How do you find the vertex and intercepts for y = -2(x+1)^2 +7 ?

1 Answer
Jan 14, 2016

Explanation is given below.

Explanation:

Added by Tony BAdded by Tony B

The given problem is already in the vertex form.

color(blue)"The vertex form"

color(maroon)(y=a(x-h)^2+k)

Where (h,k) is the vertex.

Our problem
y=-2(x+1)^2+7
y=-2(x-(-1))^2+7

(h,k) = (-1,7)

The vertex is (-1,7)

Intercepts on x and y axes occur where the curve crosses them.

To find y intercept we need to plug in x=0

y=-2(0+1)^2+7
y=-2(1)+7
y=-2+7
y=5

The y-intercept is (0,5)

For finding x-intercepts, we need to plug in y=0

0=-2(x+1)^2+7
Subtract 7 from both ends and isolating the term containing x
-7 = -2(x+1)^2

Let us rewrite it as -2(x+1)^2=-7 It looks better to when the variable is kept of the left side of the equation.

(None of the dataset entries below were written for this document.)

Lemma scale_split_pair n (x c : 'I_n -> R) (u : 'I_n -> X) a z :
  \sum_(l < n) x l * c l = 1 ->
  a *: z = \sum_(l < n) (c l * a) *: u l
            - \sum_(l < n) c l *: (a *: u l - (x l * a) *: z).
Proof.
move=> H1; under [X in _ - X]eq_bigr do rewrite scalerBr !scalerA.
rewrite sumrB opprB addrA addrAC subrr add0r -scaler_suml; congr (_ *: _).
by rewrite -[LHS]mul1r -H1 mulr_suml; apply: eq_bigr => l _; ring.
Qed.

End ComplexMaps.

Section BurchVanishing.
Variables (R : comNzRingType) (m : R -> Prop) (X : lmodType R) (N : X -> Prop).
Variables (M : lmodType R) (F : free_res M).
Hypothesis Hloc : local_max_ideal m.
Hypothesis HN : submodule N.
Hypothesis HF : is_free_res F.
Local Notation mN := (ideal_mul m N).
Local Notation D := (fr_d F).

Lemma tor_cycle_row s (y : 'rV[R]_(fr_b F s.+1)) (z : X) :
  tor_cycle F s (fun j => (y *m D s) 0 j *: z).
Proof.
case: s y => [//|s] y j /=.
by rewrite tor_map_scale_row free_res_dd // mxE scale0r.
Qed.

Lemma tor_min_pair s a z : m a -> colon N m z -> min_pair m F s ->
  tor_zero F N s.+1 -> tor_zero F N s -> mN (a *: z).
Proof.
move=> ma Hz [x [c [Hx Hc H1]]] T1 T0.
have [u [Nu Hu]] := T0 _ (fun j => Hz _ (Hx j)) (tor_cycle_row x z).
pose w l := a *: u l - (x 0 l * a) *: z.
have Nw : inN N w by move=> l; apply: (submodule_shift Hloc HN).
have Cw : tor_cycle F s.+1 w.
  by move=> j /=; rewrite tor_map_shift -Hu scalerA mulrC subrr.
have [u' [Nu' Hw]] := T1 w Nw Cw.
rewrite (@scale_split_pair _ _ _ (fun l => x 0 l) (fun l => c l 0) u); last first.
  by rewrite -H1 mxE.
apply: (ideal_mulB Hloc).
  by apply: ideal_mul_sum_mem => [l|]; [apply: (max_ideal_mull Hloc) | exact: Nu].
have -> : \sum_l c l 0 *: w l = \sum_l (D s.+1 *m c) l 0 *: u' l.
  by rewrite -sum_scale_tor_map; apply: eq_bigr => l _; rewrite Hw.
exact: ideal_mul_sum_mem.
Qed.

Lemma ext_min_pair s a z : m a -> colon N m z -> min_pair m F s ->
  ext_zero F N s.+2 -> ext_zero F N s.+1 -> mN (a *: z).
Proof.
move=> ma Hz [x [c [Hx Hc H1]]] E2 E1.
have Cw : forall l, hom_map (D s.+2) (fun k => (D s.+1 *m c) k 0 *: z) l = 0.
  by move=> l; rewrite hom_map_scale_col mulmxA free_res_ddmx // mul0mx mxE scale0r.
have [u [Nu Hu]] := E2 _ (fun k => Hz _ (Hc k)) Cw.
pose y l := a *: u l - (c l 0 * a) *: z.
have Ny : inN N y by move=> l; apply: (submodule_shift Hloc HN).
have Cy : forall k, hom_map (D s.+1) y k = 0.
  by move=> k; rewrite hom_map_shift -Hu scalerA mulrC subrr.
have [u' [Nu' Hy]] := E1 y Ny Cy.
rewrite (@scale_split_pair _ _ _ (fun l => c l 0) (fun l => x 0 l) u); last first.
  by rewrite -H1 mxE; apply: eq_bigr => l _; rewrite mulrC.
apply: (ideal_mulB Hloc).
  by apply: ideal_mul_sum_mem => [l|]; [apply: (max_ideal_mull Hloc) | exact: Nu].
have -> : \sum_l x 0 l *: y l = \sum_j (x *m D s) 0 j *: u' j.
  by rewrite -sum_scale_hom_map; apply: eq_bigr => l _; rewrite Hy.
exact: ideal_mul_sum_mem.
Qed.

End BurchVanishing.

Theorem proposition3p16 (R : comNzRingType) (m : R -> Prop)
  (X : lmodType R) (N : X -> Prop) (M : lmodType R) (t : nat)
  (F : free_res M) :
  noetherian R -> local_max_ideal m ->
  fin_gen X -> submodule N -> burch m N ->
  (1 <= t)%N -> fin_gen M -> is_free_res F ->
  ((tor_zero F N t /\ tor_zero F N t.-1) \/
   (ext_zero F N t.+1 /\ ext_zero F N t)) ->
  pd_lt M t.
Proof.
move=> _ Hloc _ HN Hb Ht _ HF Hvan.
case: t Ht Hvan => // s _ Hvan.
have [a [z [ma Hz Nmz]]] := burch_witness HN Hb.
have [Hp|//] := min_pair_or_pd_lt Hloc HF (erefl (fr_b F s.+1)).
case: Nmz; case: Hvan => [[T1 T0]|[E2 E1]].
- exact: (tor_min_pair Hloc HN HF ma Hz Hp T1 T0).
- exact: (ext_min_pair Hloc HN HF ma Hz Hp E2 E1).
Qed.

-2(x+1)^2=-7 dividing by -2 on both sides isolates (x+1)^2

We get

(x+1)^2=7/2

Take square root on both the sides we get

sqrt((x+1)^2) = +-sqrt(7/2)
x+1 = +-sqrt(7/2)

Subtract 1 from both sides to solve for x

x=-1+-sqrt(7/2)

The x-intercepts are (-1+sqrt(7/2)) and (-1-sqrt(7/2))